Despite frigid and stormy weather and few diversions, given a COVID-19 lockdown keeping shops and even Vienna’s famous Christmas markets closed, diplomats were relieved to finally be back at the table.
Iran said it needed the five-month break to clarify its negotiating position after Raisi assumed the presidency. But Tehran also used the time to take additional steps to increase its nuclear program by further enriching uranium and adding more advanced centrifuges — machines used to enrich uranium. This week, the media report causing a stir claims Israel has shared intelligence information with the U.S. and European countries about Iran closing in on the ability to enrich uranium at the weapons-grade 90 percent level.
Still, Iran insists its nuclear program is peaceful.
For its return to Tehran, Iran brought an unusually large delegation of 40 people, an apparent attempt to demonstrate its seriousness in the talks — particularly when it comes to the issue of the removal of Western sanctions. Among the delegation was not only chief negotiator Ali Bagheri Kani, but also the deputy foreign ministers for economic affairs and for legal affairs, the deputy governor of the central bank, the deputy economy minister, as well as the deputy oil minister.
Regardless, the E3 diplomats said they still did not know exactly how much of the draft texts that had been negotiated during the past six rounds of talks in Vienna Iran would now accept.
Under the original agreement, Iran agreed to limit its nuclear program in return for economic sanctions relief.
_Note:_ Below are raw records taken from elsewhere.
(* Let $K$ be a number field and $C$ the correspondence $g(y)=f(x)$ with $f,g\in K[z]$, $\deg f=d>\deg g=e\ge1$. Let $P$ be a path of $C$ with entries in $\overline{K}$. Then $v\mapsto G_C(P,v)$ is a measurable function on $M_{\overline{K}}$, the limit $\hat h_C(P)=\lim_{n\to\infty}(e/d)^nh(\pi(\sigma^n(P)))$ exists, and \[\hat h_C(P)=\int_{M_{\overline{K}}}G_C(P,v)\,d\mu(v).\]
   Context: $C=\{(a,b)\in\overline{K}^2:g(b)=f(a)\}$. A path is $P=(x_n)_{n\ge0}$ with $(x_n,x_{n+1})\in C$; $\pi(P)=x_0$, $\sigma(P)=(x_{n+1})_n$. $G_C(P,v)=\lim_n(e/d)^n\log^+|\pi(\sigma^nP)|_v$. $h$ is the absolute logarithmic Weil height. $M_{\overline{K}}$ is the set of absolute values on $\overline{K}$ extending the (normalized) places of $K$, equipped with a $\sigma$-algebra and measure $\mu$ such that for every finite extension $L/K$ and place $w$ of $L$ the set of $v$ restricting to $w$ is measurable with measure $[L_w:K_w]/[L:K]$, and $h(\alpha)=\int\log^+|\alpha|_v\,d\mu(v)$ for all $\alpha\in\overline{K}$. *)

From HB Require Import structures.
From mathcomp Require Import all_boot all_order all_algebra all_field.
From mathcomp Require Import all_classical all_reals all_analysis.
Set Implicit Arguments. Unset Strict Implicit. Unset Printing Implicit Defensive.
Import Order.TTheory GRing.Theory Num.Theory.
Import numFieldNormedType.Exports.
Local Open Scope classical_set_scope.
Local Open Scope ring_scope.

(* algC is the field of algebraic numbers, i.e. \overline{Q} = \overline{K}
   for any number field K. *)

Definition algCtoR (R : realType) (x : algC) : R :=
  sup [set (ratr q : R) | q in [set q : rat | (ratr q : algC) <= x]].

Definition minQpoly (x : algC) : {poly rat} := sval (minCpolyP x).

(* Leading coefficient of the primitive integer minimal polynomial of x:
   the lcm of the denominators of the coefficients of the monic one. *)
Definition minZlead (x : algC) : nat :=
  \big[lcmn/1%N]_(i < size (minQpoly x)) `|denq (minQpoly x)`_i|%N.

Definition conjugates (x : algC) : seq algC :=
  sval (closed_field_poly_normal (minCpoly x)).

Definition logp (R : realType) (t : R) : R := ln (Num.max 1 t).

(* Absolute logarithmic Weil height, via the Mahler measure of the
   primitive integer minimal polynomial:
   h(x) = (log a_0 + sum_{conjugates y} log^+ |y|) / deg x. *)
Definition weil_height (R : realType) (x : algC) : R :=
  ((size (minCpoly x)).-1%:R)^-1 *
  (ln ((minZlead x)%:R : R) +
   \sum_(y <- conjugates x) logp (algCtoR R `|y|)).

Definition is_absval (R : realType) (a : algC -> R) : Prop :=
  [/\ forall x, a x = 0 <-> x = 0,
      forall x y, a (x * y) = a x * a y &
      forall x y, a (x + y) <= a x + a y].

(* The absolute value extends one of the normalized places of Q: either the
   usual archimedean absolute value, or a p-adic one with |p| = 1/p. *)
Definition extends_place_of_Q (R : realType) (a : algC -> R) : Prop :=
  (forall q : rat, a (ratr q) = `|(ratr q : R)|) \/
  (exists p : nat, [/\ prime p, a p%:R = (p%:R : R)^-1 &
      forall l : nat, prime l -> l != p -> a l%:R = 1]).

Definition is_path (f g : {poly algC}) (P : nat -> algC) : Prop :=
  forall n, g.[P n.+1] = f.[P n].

(* (e/d)^n log^+ |pi(sigma^n P)|_v, whose limit is G_C(P, v) *)
Definition G_seq (R : realType) (d e : nat) (a : algC -> R)
  (P : nat -> algC) (n : nat) : R :=
  ((e%:R / d%:R) ^+ n) * logp (a (P n)).

Definition G_C (R : realType) (d e : nat) (a : algC -> R)
  (P : nat -> algC) : R :=
  limn (G_seq d e a P).

(* Fix a place v. Bounding |p(x)|_v above by |x|_v^deg p and below by its
   inverse, up to factors max(1, |c|_v) for finitely many algebraic c (the
   coefficients of p, its leading coefficient inverse, and some integers),
   the relation g(x_{n+1}) = f(x_n) gives
     |e log^+|x_{n+1}|_v - d log^+|x_n|_v| <= C(v),
   where C(v) is a nonnegative combination of such log^+|c|_v. The integers
   are harmless because a place extending one of Q is either the usual
   absolute value on Q or ultrametric. Hence (e/d)^n log^+|x_n|_v converges
   geometrically to G_C(P, v), within (e/d)^n C(v) / (d - e), and since
   C integrates to a finite combination of heights, integrating this bound
   yields h_C(P) = int G_C(P, v) dmu(v). *)

From HB Require Import structures.
From mathcomp Require Import all_boot all_order all_algebra all_field.
From mathcomp Require Import all_classical all_reals all_analysis.
From mathcomp Require Import measurable_realfun ring lra.
Import Order.TTheory GRing.Theory Num.Theory.
Import numFieldNormedType.Exports.
Local Open Scope classical_set_scope.
Local Open Scope ring_scope.
Set Implicit Arguments.
Unset Strict Implicit.
Unset Printing Implicit Defensive.

Section AbsoluteValue.
Variables (R : realType) (a : algC -> R).
Hypothesis ha : is_absval a.

Lemma absval_eq0 x : (a x == 0) = (x == 0).
Proof. by case: ha => h _ _; apply/eqP/eqP => /h. Qed.

Lemma absval0 : a 0 = 0.
Proof. by apply/eqP; rewrite absval_eq0. Qed.

Lemma absvalM x y : a (x * y) = a x * a y.
Proof. by case: ha. Qed.

Lemma absvalD x y : a (x + y) <= a x + a y.
Proof. by case: ha. Qed.

Lemma absval1 : a 1 = 1.
Proof.
have a1_neq0 : a 1 != 0 by rewrite absval_eq0 oner_neq0.
by apply: (mulfI a1_neq0); rewrite -absvalM !mulr1.
Qed.

Lemma absvalX x n : a (x ^+ n) = a x ^+ n.
Proof. by elim: n => [|n IH]; rewrite ?absval1 // !exprS absvalM IH. Qed.

Lemma absval_ge0 x : 0 <= a x.
Proof. by rewrite -(sqrtCK x) absvalX sqr_ge0. Qed.

Lemma absvalN x : a (- x) = a x.
Proof.
suff aN1 : a (-1) = 1 by rewrite -mulN1r absvalM aN1 mul1r.
have /eqP : a (-1) ^+ 2 = 1 by rewrite -absvalX sqrrN expr1n absval1.
rewrite sqrf_eq1 => /orP[/eqP // | /eqP aN1].
by have := absval_ge0 (-1); rewrite aN1 ler0N1.
Qed.

Lemma absvalV x : a x^-1 = (a x)^-1.
Proof.
have [->|x_neq0] := eqVneq x 0; first by rewrite invr0 absval0 invr0.
have ax_neq0 : a x != 0 by rewrite absval_eq0.
by apply: (mulfI ax_neq0); rewrite -absvalM !divff // absval1.
Qed.

Lemma absval_sum I (s : seq I) (P : pred I) (t : I -> algC) :
  a (\sum_(i <- s | P i) t i) <= \sum_(i <- s | P i) a (t i).
Proof.
elim/big_rec2: _ => [|i y1 y2 _ IH]; first by rewrite absval0.
exact: le_trans (absvalD _ _) (lerD (lexx _) IH).
Qed.

End AbsoluteValue.

Lemma bernoulli_ler (R : realDomainType) (q : R) n : 1 <= q ->
  1 + n%:R * (q - 1) <= q ^+ n.
Proof.
move=> q_ge1; elim: n => [|n IH]; first by rewrite mul0r addr0 expr0.
have q1_ge0 : 0 <= q - 1 by rewrite subr_ge0.
have : 0 <= (q - 1) * (q ^+ n - (1 + n%:R * (q - 1))) by rewrite mulr_ge0 ?subr_ge0.
have : 0 <= n%:R * ((q - 1) * (q - 1)) by rewrite !mulr_ge0.
rewrite exprS -natr1; nra.
Qed.

(* The archimedean obstruction to [q > 1] having at most linear powers: by
   Bernoulli, [q ^+ (2 * N) >= (1 + N (q - 1)) ^+ 2], which is quadratic in [N]. *)
Lemma expr_le_natS_le1 (R : realType) (q : R) :
  (forall N, q ^+ N <= N.+1%:R) -> q <= 1.
Proof.
move=> q_lin; rewrite leNgt; apply/negP => q_gt1.
set eps := q - 1; have eps_gt0 : 0 < eps by rewrite subr_gt0.
have := archi_boundP (ltW (divr_gt0 (ltr0n R 2) (mulr_gt0 eps_gt0 eps_gt0))).
set N := Num.Def.archi_bound _; rewrite ltr_pdivrMr ?mulr_gt0 // => NepsE.
have N_gt0 : 0 < (N%:R : R).
  rewrite lt_neqAle ler0n andbT; apply: contraTneq NepsE => <-.
  by rewrite mul0r ltNge ler0n.
have bern := bernoulli_ler N (ltW q_gt1).
have sq_bern : (1 + N%:R * eps) ^+ 2 <= (q ^+ N) ^+ 2.
  rewrite lerXn2r ?nnegrE ?exprn_ge0 ?(le_trans ler01 (ltW q_gt1)) //.
  by rewrite addr_ge0 ?mulr_ge0 ?ltW.
have := q_lin (N + N)%N; rewrite exprD -expr2 -addSn natrD => quad.
have := mulr_gt0 N_gt0 eps_gt0; rewrite -/eps in bern NepsE; nra.
Qed.

Lemma le_of_expr_le_natS (R : realType) (s m : R) : 0 <= m ->
  (forall N, s ^+ N <= N.+1%:R * m ^+ N) -> s <= m.
Proof.
move=> m_ge0 s_lin; have [m0|m_gt0] := eqVneq m 0.
  by have := s_lin 1%N; rewrite !expr1 m0 mulr0.
have {m_gt0 m_ge0} m_gt0 : 0 < m by rewrite lt_def m_gt0.
suff : s / m <= 1 by rewrite ler_pdivrMr // mul1r.
apply: expr_le_natS_le1 => N.
by rewrite expr_div_n ler_pdivrMr ?exprn_gt0.
Qed.
Lemma continuous_into_subspace {T U : topologicalType} {A : set U} {f : T -> U}
    (fA : forall x, A (f x)) :
  continuous f -> continuous (fun x => exist _ (f x) (mem_set (fA x)) : set_type A).
Proof. by move=> cf; apply: continuous_comp_initial. Qed.

End ContinuousFunctions.

Section Clamp.
Context {R : realType}.
Implicit Types a b x y t eta d : R.

Definition clamp a b y := Num.min (Num.max y a) b.

Lemma clamp_itv {a b} y : a <= b -> a <= clamp a b y <= b.
Proof.
move=> ab; rewrite /clamp; apply/andP; split.
  by rewrite le_min ab le_max lexx orbT.
by rewrite ge_min lexx orbT.
Qed.

Lemma clamp_id {a b y} : a <= y <= b -> clamp a b y = y.
Proof. by move=> /andP[ay yb]; rewrite /clamp (max_l ay) (min_l yb). Qed.

Lemma clamp_left {a b} y : a <= b -> y <= a -> clamp a b y = a.
Proof. by move=> ab ya; rewrite /clamp (max_r ya) (min_l ab). Qed.

Lemma clamp_right {a b} y : a <= b -> b <= y -> clamp a b y = b.
Proof. by move=> ab bley; rewrite /clamp (max_l (le_trans ab bley)) (min_r bley). Qed.

Lemma continuous_clamp a b : continuous (clamp a b).
Proof.
apply: continuous_minf; last exact: cst_continuous.
by apply: continuous_maxf; [exact: continuous_idfun | exact: cst_continuous].
Qed.

Lemma clamp_shift a b x t eta : a <= x <= b -> 0 < eta ->
  (t < 0 -> x - a < eta) -> (0 < t -> b - x < eta) ->
  `|clamp a b (x + t) - x| < eta.
Proof.
move=> /andP[ax xb] eta0 tneg tpos.
have /andP[ac cb] := clamp_itv (x + t) (le_trans ax xb).
rewrite ltr_norml; have [t0|t0|->] := ltgtP t 0.
- have cx : clamp a b (x + t) <= x.
    by rewrite /clamp ge_min ge_max ax andbT; apply/orP; left; lra.
  by have := tneg t0; move=> ?; apply/andP; split; lra.
- have xc : x <= clamp a b (x + t).
    by rewrite /clamp le_min le_max xb andbT; apply/orP; left; lra.
  by have := tpos t0; move=> ?; apply/andP; split; lra.
- by rewrite addr0 clamp_id ?ax // subrr; apply/andP; split; lra.
Qed.

End Clamp.

Section Tent.
Context {R : realType}.
Implicit Types v w x d eta : R.

Definition ramp eta d := Num.max 0 (1 - d / eta).

Definition tent v w eta x := ramp eta (w - x) - ramp eta (x - v).

Lemma ramp_ge0 eta d : 0 <= ramp eta d.
Proof. by rewrite le_max lexx. Qed.
(* Let $C>0$ and let $\mathcal{T}$ be a set of $C$-nice $(k,p)$-trees, no two of which are identical. Then $$\mathrm{b}_k(p)^{1/p}\geq\frac{p}{e\cdot C^2}\,|\mathcal{T}|^{1/p}.$$
   Context: A $(k,p)$-tree is a rooted plane tree (children of each node ordered left to right) with exactly $p$ leaves, each at distance exactly $k+1$ from the root. Two $(k,p)$-trees are identical if one is obtained from the other by renaming vertices while preserving the root, adjacency, and the left-to-right order of children of every node. For a rooted tree $T$, $\mathrm{Tran}(T)=\prod_{u\in V(T)}|r_u|!$, where $|r_u|$ is the number of children of $u$; $T$ is $C$-nice if $\mathrm{Tran}(T)\leq C^p$. $\mathrm{b}_k(p)$ is the number of $k$-level partitions $(T_1,\dots,T_k)$ of $[p]$ ($T_1$ a partition of $[p]$ into nonempty parts, $T_i$ a refinement of $T_{i-1}$). *)

From mathcomp Require Import all_boot all_order all_algebra.
From mathcomp Require Import all_classical all_reals all_analysis.
Set Implicit Arguments. Unset Strict Implicit. Unset Printing Implicit Defensive.
Import Order.TTheory GRing.Theory Num.Theory.

(* Rooted plane trees up to identity (renaming preserving root, adjacency and
   left-to-right order of children): a node is the ordered list of its
   children's subtrees.  Two trees are "identical" iff they are equal terms. *)
Inductive ptree : Type := Node of seq ptree.
Lemma char_poly_similar n (P M : 'M[algC]_n) : P \in unitmx ->
  char_poly (invmx P *m M *m P) = char_poly M.
Proof.
move=> Pu; rewrite /char_poly /char_poly_mx.
set P' := map_mx polyC P.
have P'u : P' \in unitmx by rewrite map_unitmx.
rewrite !map_mxM map_invmx -/P'.
have XE : (scalar_mx 'X : 'M_n) = invmx P' *m 'X%:M *m P'.
  by rewrite -mulmxA -scalar_mxC mulmxA mulVmx // mul1mx.
rewrite [X in \det (X - _)]XE -mulmxBl -mulmxBr !det_mulmx mulrC mulrA -det_mulmx.
by rewrite mulmxV // det1 mul1r.
Qed.

Lemma char_poly_diag n (e : 'rV[algC]_n) :
  char_poly (diag_mx e) = \prod_(i < n) ('X - (e 0 i)%:P).
Proof.
rewrite char_poly_trig ?diag_mx_is_trig //.
by apply: eq_bigr => i _; rewrite mxE eqxx mulr1n.
Qed.

Section HermitianTraceNorm.
Variables (n : nat) (X : 'M[algC]_n).
Hypothesis hermX : adj X = X.

Let P := spectralmx X.
Let e := spectral_diag X.

Let P_unitary : P \is unitarymx. Proof. exact: spectral_unitarymx. Qed.
Let P_unit : P \in unitmx. Proof. exact: spectral_unit. Qed.
Let invP : invmx P = adj P. Proof. by rewrite invmx_unitary // /adj map_trmx. Qed.

Let XE : X = invmx P *m diag_mx e *m P.
Proof.
apply/orthomx_spectralP/hermitian_normalmx.
exact: hermitian_adj.
Qed.

Let e_real i : e 0 i \is Num.real.
Proof.
by have /mxOverP := hermitian_spectral_diag_real (hermitian_adj hermX); apply.
Qed.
Negotiators in Vienna are attempting to restore this original bargain of the accord by agreeing on a sequenced step-by-step plan that would bring the U.S. and Iran back into compliance with the JCPOA.
During prior intensive deliberations, negotiators had drafted a master document with political commitments, as well as three annexes on lifting sanctions, nuclear constraints and the sequencing of the steps the U.S. and Iran would each have to take.
Negotiators estimated that roughly 70 to 80 percent of the agreement was complete, with the remaining 20 to 30 percent containing the most difficult questions, such as what to do about Iran’s many advanced centrifuges.
Bagheri Kani, Iran’s new top nuclear negotiator, said on Tuesday that “all the issues concluded in the past six rounds can be negotiated.” He added: “What we have from the past six rounds is a draft and not an agreement. And a draft is subject to negotiation.”
One reason the detailed work of drafting texts may become more complicated now: Bagheri Kani speaks through a translator, unlike his predecessor Abbas Araghchi, who was fluent in English.
What’s Plan B?
It is still unclear what each country plans to do if Iran shows no serious interest in engaging in diplomacy — or builds a nuclear bomb.
The U.S. has not excluded a military response, while the Europeans would most likely try to maintain unity, including with Russia and China, and increase political pressure on Tehran.
After a formal meeting on Monday of the Joint Commission, the body responsible for overseeing the implementation of the nuclear agreement, diplomats broke into working groups that will look in detail at sanctions removal and constraining Iran’s nuclear program.
Iran is still not directly negotiating with the U.S., instead relying on European diplomats to deliver oral and written messages to Washington’s delegation, led by U.S. Special Envoy for Iran Robert Malley. The American team is located in a separate hotel close to Palais Coburg, where the main talks are taking place.
“This will be the essential moment where we expect that after so many months of preparation, the Iranian side will come with concrete suggestions and proposals,” the senior European diplomats said.
It is not clear how long this round of talks will last, but some expect it to stretch at least until Friday. “We have brought big suitcases with us and we can continue as long as necessary,” one senior European diplomat joked.